Dans un tournant inattendu, la Fédération Ivoirienne de Football (FIF) a tenté une manœuvre exceptionnelle après la démission de Jean-Louis Gasset, juste avant que la Côte d’Ivoire ne réalise une qualification spectaculaire pour les huitièmes de finale de la CAN 2023. Sous la houlette du président Idriss Diallo, la FIF a frappé à la porte de la Fédération Française de Football (FFF), sollicitant le prêt d’Hervé Renard, alors en charge de l’équipe de France féminine, pour guider les Éléphants durant la compétition. Jean Michel Aulas est revenu, dans les moindres détails, sur cette affaire.
Malgré une période de délibération, la FFF a finalement rejeté l’offre, arguant qu’elle ne présentait d’intérêt que du point de vue diplomatique. Les coulisses de cette décision ont été éclairées par des révélations de l’Équipe, qui suggère que l’acceptation de la demande n’a jamais été sérieusement envisagée par la FFF. Pourtant, Jean-Michel Aulas, vice-président de la FFF, a laissé entendre que l’accord aurait pu être envisageable.
Dans une entrevue captivante avec RMC Sport, Jean-Michel Aulas, l’influent ex-président de l’Olympique Lyonnais, a partagé des détails fascinants sur les discussions en coulisses. Il a avoué que, initialement, des réticences existaient, mais après des discussions approfondies avec le président de la FIF, Philippe Diallo, et une évaluation minutieuse de la situation, leur perspective a subtilement évolué.

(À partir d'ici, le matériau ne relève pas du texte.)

(* Let $\mathbb{K}^r_{c,m}$ be an $r$-uniform star-hypergraph with $m\ge 2$ edges and centre of size $c$, where $1\le c<r$. Then $\lambda(\mathbb{K}^r_{c,m})=m(r-c)+2c-1$.
   Context: An $r$-uniform hypergraph (every edge has exactly $r$ vertices) is a star-hypergraph if there is a set $\mathcal{C}\subset V$, its centre, such that $e_i\cap e_j=\mathcal{C}$ for all distinct edges $e_i,e_j$; with $m$ edges and $|\mathcal{C}|=c$ it is denoted $\mathbb{K}^r_{c,m}$ (its vertex set is the union of its edges). An $L(2,1)$-colouring of a hypergraph $\mathbb{H}=(V,E)$ is a map $f:V\to\mathbb{Z}_{\ge 0}$ such that $|f(u)-f(v)|\ge 2$ whenever $u\ne v$ lie in a common edge, and $|f(u)-f(v)|\ge 1$ whenever there are edges $e_1\ni v$, $e_2\ni u$ with $(e_1\cap e_2)\setminus\{u,v\}\ne\emptyset$. Its span is $\max f-\min f$, and $\lambda(\mathbb{H})$ is the minimum span. *)

From mathcomp Require Import all_boot.
Set Implicit Arguments. Unset Strict Implicit. Unset Printing Implicit Defensive.

(* A hypergraph on the finite vertex type V is given by its edge set
   E : {set {set V}}; its vertex set is all of V. *)

Definition uniform (V : finType) (r : nat) (E : {set {set V}}) : Prop :=
  forall e, e \in E -> #|e| = r.

Definition covered_by_edges (V : finType) (E : {set {set V}}) : Prop :=
  forall v : V, exists2 e, e \in E & v \in e.

Definition is_star_centre (V : finType) (E : {set {set V}}) (C : {set V}) : Prop :=
  forall e1 e2, e1 \in E -> e2 \in E -> e1 != e2 -> e1 :&: e2 = C.

Definition L21_colouring (V : finType) (E : {set {set V}}) (f : V -> nat) : Prop :=
  (forall u v e, u != v -> e \in E -> u \in e -> v \in e ->
      (f u + 2 <= f v) || (f v + 2 <= f u)) /\
  (forall u v e1 e2, u != v -> e1 \in E -> e2 \in E -> v \in e1 -> u \in e2 ->
      (e1 :&: e2) :\: [set u; v] != set0 -> f u != f v).

Definition max_col (V : finType) (f : V -> nat) : nat := \max_(v : V) f v.
Definition min_col (V : finType) (f : V -> nat) : nat :=
  \big[minn/max_col f]_(v : V) f v.

Definition span (V : finType) (f : V -> nat) : nat := max_col f - min_col f.

Definition is_lambda (V : finType) (E : {set {set V}}) (k : nat) : Prop :=
  (exists f : V -> nat, L21_colouring E f /\ span f = k) /\
  (forall f : V -> nat, L21_colouring E f -> k <= span f).

From mathcomp Require Import all_boot zify.
Set Implicit Arguments. Unset Strict Implicit. Unset Printing Implicit Defensive.

(* Every vertex shares an edge with each centre vertex, and two
   non-centre vertices in different petals have the (nonempty) centre as a
   common neighbourhood, so an L(2,1)-colouring f is injective.  Moreover, a
   centre vertex x is 2-separated from all other colours, so the colour
   f x +- 1 (one step towards the colour of a fixed petal vertex z) is unused,
   lies between min f and max f, and these "nudged" colours are pairwise
   distinct.  Hence |V| + c <= span f + 1, and |V| >= c + m s gives the bound.

   Colour the j-th vertex of the i-th petal by j*m + i (colours
   0 .. ms-1) and the k-th centre vertex by ms + 1 + 2k.  This is an
   L(2,1)-colouring with maximum ms + 2c - 1, so its span is at most the
   bound; by the lower bound it is exactly the bound. *)

Definition far (a b : nat) : bool := (a + 2 <= b) || (b + 2 <= a).

Lemma code_lt m s i j : i < m -> j < s -> j * m + i < m * s.
Proof. by nia. Qed.

Lemma code_inj m i1 i2 j1 j2 :
  i1 < m -> i2 < m -> j1 * m + i1 = j2 * m + i2 -> j1 = j2 /\ i1 = i2.
Proof.
move=> i1m i2m eq12; have m_gt0 : 0 < m by lia.
have := congr1 (modn^~ m) eq12; rewrite !modnMDl !modn_small // => ei.
by split => //; move: eq12; rewrite ei => /addIn /eqP; rewrite eqn_pmul2r // => /eqP.
Qed.

Lemma code_far m i j1 j2 : 2 <= m -> j1 != j2 -> far (j1 * m + i) (j2 * m + i).
Proof.
move=> m_ge2 ne; rewrite /far; case: (ltngtP j1 j2) ne => // lt _; apply/orP.
  by left; nia.
by right; nia.
Qed.

Lemma enum_index_inj (T : finType) (A : {set T}) :
  {in A &, injective (index^~ (enum A))}.
Proof. by move=> x y xA yA; apply: (index_inj x); rewrite mem_enum. Qed.

Lemma min_col_le (T : finType) (f : T -> nat) (v : T) : min_col f <= f v.
Proof.
rewrite /min_col; have : v \in index_enum T by rewrite mem_index_enum.
elim: (index_enum T) => [//|a s IH]; rewrite big_cons inE.
case/orP=> [/eqP->|vs]; first exact: geq_minl.
exact: leq_trans (geq_minr _ _) (IH vs).
Qed.

Lemma max_col_ge (T : finType) (f : T -> nat) (v : T) : f v <= max_col f.
Proof. exact: leq_bigmax. Qed.

Section Nudge.
Variables (T : finType) (f : T -> nat) (A : {set T}) (z : T).
Hypothesis f_inj : injective f.
Hypothesis A_far : forall x w, x \in A -> w != x -> far (f x) (f w).
Hypothesis zA : z \notin A.

Definition nudge (x : T) : nat := if f x < f z then (f x).+1 else (f x).-1.

Lemma far_z x : x \in A -> far (f x) (f z).
Proof. by move=> xA; apply: A_far => //; apply: contraNneq zA => ->. Qed.

Lemma nudge_fresh x w : x \in A -> nudge x != f w.
Proof.
move=> xA; have := far_z xA; rewrite /nudge /far.
have [->|wx] := eqVneq w x; first by case: (ltnP (f x) (f z)); lia.
by have := A_far xA wx; rewrite /far; case: (ltnP (f x) (f z)); lia.
Qed.

Lemma nudge_inj : {in A &, injective nudge}.
Proof.
move=> x y xA yA; have [//|yx] := eqVneq y x.
have := far_z xA; have := far_z yA; have := A_far xA yx; rewrite /nudge /far.
by case: (ltnP (f x) (f z)); case: (ltnP (f y) (f z)); lia.
Qed.

Lemma nudge_range x : x \in A -> min_col f <= nudge x <= max_col f.
Proof.
move=> xA; have := far_z xA; rewrite /nudge /far.
have := min_col_le f x; have := max_col_ge f x.
have := min_col_le f z; have := max_col_ge f z.
by case: (ltnP (f x) (f z)); lia.
Qed.

Lemma card_nudge_le_span : #|T| + #|A| <= (span f).+1.
Proof.
pose L := [seq f v | v <- enum T] ++ [seq nudge x | x <- enum A].
have uL : uniq L.
  rewrite cat_uniq (map_inj_uniq f_inj) enum_uniq map_inj_in_uniq ?enum_uniq ?andbT.
    apply/hasPn => y /mapP[x]; rewrite mem_enum => xA ->.
    by apply/mapP=> -[w _ /eqP]; rewrite (negbTE (nudge_fresh w xA)).
  by move=> x y; rewrite !mem_enum; exact: nudge_inj.
have sL : {subset L <= iota (min_col f) (span f).+1}.
  move=> y; rewrite mem_cat mem_iota /span => /orP[/mapP[v _ ->]|/mapP[x]].
    by have := min_col_le f v; have := max_col_ge f v; lia.
  by rewrite mem_enum => /nudge_range; lia.
have := uniq_leq_size uL sL.
by rewrite size_cat !size_map size_iota -!cardE cardT enumT.
Qed.

End Nudge.

Section Star.
Variables (V : finType) (E : {set {set V}}) (C : {set V}).
Hypothesis E_gt1 : 1 < #|E|.
Hypothesis starC : is_star_centre E C.

Lemma centre_sub e : e \in E -> C \subset e.
Proof.
move=> eE; have : 0 < #|E :\ e| by move: E_gt1; rewrite (cardsD1 e E) eE; lia.
case/card_gt0P => e'; rewrite !inE => /andP[e'e e'E].
by rewrite -(starC eE e'E _) ?subsetIl // eq_sym.
Qed.

Lemma petal_unique v e1 e2 :
  e1 \in E -> e2 \in E -> v \notin C -> v \in e1 -> v \in e2 -> e1 = e2.
Proof.
move=> e1E e2E vC ve1 ve2; apply/eqP; apply: contraNT vC => ne.
by rewrite -(starC e1E e2E ne) inE ve1 ve2.
Qed.

Lemma card_petal r e : uniform r E -> e \in E -> #|e :\: C| = r - #|C|.
Proof. by move=> unifE eE; rewrite cardsD (setIidPr (centre_sub eE)) unifE. Qed.

(* The petals are disjoint and avoid C, so a star has at least
   #|C| + #|E| * (r - #|C|) vertices. *)
Lemma card_star_vertices r :
  uniform r E -> #|C| + #|E| * (r - #|C|) <= #|V|.
Proof.
move=> unifE; set P := [set e :\: C | e in E].
have petal_inj : {in E &, injective (fun e => e :\: C)}.
  move=> e1 e2 e1E e2E /= /setP eq12; apply/setP => x.
  have := eq12 x; rewrite !inE; case: (boolP (x \in C)) => //= xC _.
  by rewrite (subsetP (centre_sub e1E)) ?(subsetP (centre_sub e2E)).
have trivP : trivIset P.
  apply/trivIsetP => _ _ /imsetP[e1 e1E ->] /imsetP[e2 e2E ->] ne.
  rewrite disjoint_subset; apply/subsetP => x; rewrite !inE => /andP[xC xe1].
  apply/andP => -[_ xe2]; move: ne; rewrite (petal_unique e1E e2E xC xe1 xe2).
  by rewrite eqxx.
have coverC : cover P \subset ~: C.
  rewrite cover_imset; apply/bigcupsP => e _.
  by apply/subsetP => x; rewrite !inE => /andP[].
rewrite -(cardsC C) leq_add2l; apply: leq_trans (subset_leq_card coverC).
have -> : #|cover P| = \sum_(A in P) #|A| by apply/eqP; rewrite (leq_card_cover P).2.
rewrite big_imset //=.
by rewrite (eq_bigr (fun _ => r - #|C|)) ?sum_nat_const // => e /(card_petal unifE).
Qed.
End Star.

Section LowerBound.
Variables (V : finType) (E : {set {set V}}) (C : {set V}) (f : V -> nat).
Hypothesis E_gt1 : 1 < #|E|.
Hypothesis starC : is_star_centre E C.
Hypothesis coverE : covered_by_edges E.
Hypothesis colf : L21_colouring E f.

(* A centre vertex shares an edge with every other vertex. *)
Lemma centre_far x w : x \in C -> w != x -> far (f x) (f w).
Proof.
move=> xC wx; have [e eE we] := coverE w; have xw : x != w by rewrite eq_sym.
exact: colf.1 x w e xw eE (subsetP (centre_sub E_gt1 starC eE) x xC) we.
Qed.

(* Any two vertices either share an edge, or lie in different petals whose
   common part, the centre, is nonempty and avoids both: f is injective. *)
Lemma star_colouring_inj : 0 < #|C| -> injective f.
Proof.
move=> C_gt0 u v; apply: contra_eq => uv.
have [e1 e1E ve1] := coverE v; have [e2 e2E ue2] := coverE u.
have [ue1|ue1] := boolP (u \in e1).
  by have := colf.1 u v e1 uv e1E ue1 ve1; rewrite /far; lia.
have [vC|vC] := boolP (v \in C); first by have := centre_far vC uv; rewrite /far; lia.
have uC : u \notin C by apply: contra ue1; apply/subsetP/(centre_sub E_gt1 starC e1E).
have e12 : e1 != e2 by apply: contraNneq ue1 => ->.
have witness : (e1 :&: e2) :\: [set u; v] != set0.
  rewrite (starC e1E e2E e12); have [x xC] := card_gt0P C_gt0.
  apply/set0Pn; exists x; rewrite !inE xC andbT.
  by apply/orP => -[/eqP xu|/eqP xv]; [move: uC|move: vC]; rewrite -?xu -?xv xC.
exact: colf.2 uv e1E e2E ve1 ue2 witness.
Qed.

(* Lower bound: combine the counting lemma (with A the centre and z any petal
   vertex) with the vertex count of the star. *)
Lemma star_span_lower r :
  0 < #|C| -> #|C| < r -> uniform r E ->
  #|E| * (r - #|C|) + 2 * #|C| - 1 <= span f.
Proof.
move=> C_gt0 Cr unifE.
have [e eE] : exists e, e \in E by apply/card_gt0P; lia.
have [z] : exists z, z \in e :\: C.
  by apply/card_gt0P; rewrite (card_petal E_gt1 starC unifE eE); lia.
rewrite inE => /andP[zC _].
have := card_nudge_le_span (star_colouring_inj C_gt0) centre_far zC.
have := card_star_vertices E_gt1 starC unifE; lia.
Qed.

End LowerBound.

Section Construction.
Variables (V : finType) (E : {set {set V}}) (C : {set V}) (r : nat).
Hypothesis E_gt1 : 1 < #|E|.
Hypothesis starC : is_star_centre E C.
Hypothesis coverE : covered_by_edges E.
Hypothesis unifE : uniform r E.

Local Notation m := #|E|.
Local Notation s := (r - #|C|).

Definition edge_of (v : V) : {set V} := odflt set0 [pick e in E | v \in e].

Lemma edge_ofP v : edge_of v \in E /\ v \in edge_of v.
Proof.
rewrite /edge_of; case: pickP => [e /andP[]|none] //=.
by have [e eE ve] := coverE v; move: (none e); rewrite eE ve.
Qed.

Lemma edge_of_petal v e : e \in E -> v \notin C -> v \in e -> edge_of v = e.
Proof.
have [oE vo] := edge_ofP v.
by move=> eE vC ve; exact: (petal_unique starC oE eE vC vo ve).
Qed.

(* Petal vertices are numbered by (position in petal, index of petal) in
   mixed radix m, giving colours 0 .. m*s-1; the centre then gets the
   colours m*s+1, m*s+3, ..., m*s+2*#|C|-1. *)
Definition star_colour (v : V) : nat :=
  if v \in C then m * s + 1 + 2 * index v (enum C)
  else index v (enum (edge_of v :\: C)) * m + index (edge_of v) (enum E).

Lemma edge_index_lt v : index (edge_of v) (enum E) < m.
Proof. by rewrite cardE index_mem mem_enum; case: (edge_ofP v). Qed.

Lemma petal_colour_lt v : v \notin C -> star_colour v < m * s.
Proof.
move=> vC; rewrite /star_colour (negbTE vC); apply: code_lt (edge_index_lt v) _.
have [eE ve] := edge_ofP v.
by rewrite -(card_petal E_gt1 starC unifE eE) cardE index_mem mem_enum inE vC.
Qed.

Lemma centre_colour_gt v : v \in C -> m * s < star_colour v.
Proof. by rewrite /star_colour => ->; lia. Qed.

(* Centre and petal colours occupy disjoint ranges; within each range the
   code determines the vertex. *)
Lemma star_colour_inj : injective star_colour.
Proof.
move=> u v; have := @centre_colour_gt u; have := @centre_colour_gt v.
have := @petal_colour_lt u; have := @petal_colour_lt v; rewrite /star_colour.
case: (boolP (u \in C)) => uC; case: (boolP (v \in C)) => vC; try lia.
  by move=> _ _ _ _ /eqP; rewrite eqn_add2l eqn_mul2l /= => /eqP; exact: enum_index_inj.
move=> _ _ _ _ /(code_inj (edge_index_lt u) (edge_index_lt v)) [ju_jv iu_iv].
have [uE ueu] := edge_ofP u; have [vE vev] := edge_ofP v.
have euv := enum_index_inj uE vE iu_iv; rewrite euv in ju_jv ueu.
by apply: enum_index_inj ju_jv; rewrite inE ?uC ?vC.
Qed.

(* Vertices sharing an edge get far colours: centre colours are spaced by 2
   and lie above the petal colours, and two vertices of one petal share the
   petal index but differ in position, hence differ by a multiple of m >= 2. *)
Lemma star_colour_far u v e :
  u != v -> e \in E -> u \in e -> v \in e -> far (star_colour u) (star_colour v).
Proof.
move=> uv eE ue ve; have := contra_neq (@star_colour_inj u v) uv.
have := @centre_colour_gt u; have := @centre_colour_gt v.
have := @petal_colour_lt u; have := @petal_colour_lt v; rewrite /far /star_colour.
case: (boolP (u \in C)) => uC; case: (boolP (v \in C)) => vC; try lia.
rewrite (edge_of_petal eE uC ue) (edge_of_petal eE vC ve) => _ _ _ _ neq.
apply: code_far; first exact: E_gt1.
by apply: contraNneq neq => ->.
Qed.

Lemma star_colouring : L21_colouring E star_colour.
Proof.
split; first exact: star_colour_far.
by move=> u v e1 e2 uv _ _ _ _ _; apply: contra_neq uv; exact: star_colour_inj.
Qed.

Lemma star_colour_max : max_col star_colour <= m * s + 2 * #|C| - 1.
Proof.
apply/bigmax_leqP => v _; case: (boolP (v \in C)) => vC; last first.
  by have := petal_colour_lt vC; lia.
have : index v (enum C) < #|C| by rewrite cardE index_mem mem_enum.
by rewrite /star_colour vC; lia.
Qed.
End Construction.

Unset Implicit Arguments.
Theorem lemma3p9 (V : finType) (E : {set {set V}}) (C : {set V}) (r c m : nat) :
  2 <= m -> 1 <= c -> c < r ->
  uniform r E -> #|E| = m -> is_star_centre E C -> #|C| = c ->
  covered_by_edges E ->
  is_lambda E (m * (r - c) + 2 * c - 1).
Proof.
move=> m_ge2 c_gt0 c_lt_r unifE card_E starC card_C coverE.
have E_gt1 : 1 < #|E| by rewrite card_E.
have lower f : L21_colouring E f -> m * (r - c) + 2 * c - 1 <= span f.
  by move=> colf; rewrite -card_E -card_C star_span_lower // card_C.
split; last exact: lower.
exists (star_colour E C r); have colg := star_colouring E_gt1 starC coverE unifE.
split=> //; apply/anti_leq; rewrite lower // andbT.
apply: leq_trans (leq_subr _ _) _; rewrite -card_E -card_C.
exact: star_colour_max.
Qed.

« Nous avons vu qu’en permettant à un entraîneur issu du football féminin de remporter la CAN ou de démontrer son expertise dans le football masculin également, cela pourrait être perçu comme une valorisation, » a expliqué Aulas. Il a souligné l’importance de consulter les joueuses leaders de l’équipe de France féminine, dont l’approbation a joué un rôle déterminant dans le changement d’attitude.
Selon Aulas, la proposition de prêter Hervé Renard à la Côte d’Ivoire n’était pas vue comme absurde par la FFF. Au contraire, elle était considérée comme une opportunité de rayonnement pour le football français à travers le succès d’Hervé Renard dans un contexte différent. « Après le choc initial, nous avons considéré que si Hervé Renard pouvait contribuer positivement au football africain et mondial en tant que sélectionneur de l’équipe de France féminine, alors pourquoi pas, » a partagé Aulas.
Cependant, malgré l’enthousiasme initial, la proposition a été avortée en raison de considérations économiques entre les fédérations. Aulas a clarifié que la décision de ne pas aller de l’avant n’était pas liée directement à Hervé Renard, mais plutôt à des questions financières entre les fédérations. » Il n’y avait pas d’ambiguïté. J’ai parlé avec Renard au téléphone. La décision de ne pas aller de l’avant ne concernait pas Hervé directement, mais était plutôt une question de relations économiques entre les fédérations. » Cette révélation suggère que, malgré l’enthousiasme initial et la vision novatrice, les réalités économiques ont finalement pris le dessus.
Cet épisode, véritable intrigue dans les coulisses du football international, met en lumière les complexités et les défis auxquels sont confrontées les fédérations, même lorsqu’il s’agit d’idées novatrices visant à transcender les frontières traditionnelles du football. Au-delà des résultats sur le terrain, les négociations en coulisses révèlent les intrications diplomatiques et financières qui animent le monde passionnant et parfois imprévisible du ballon rond.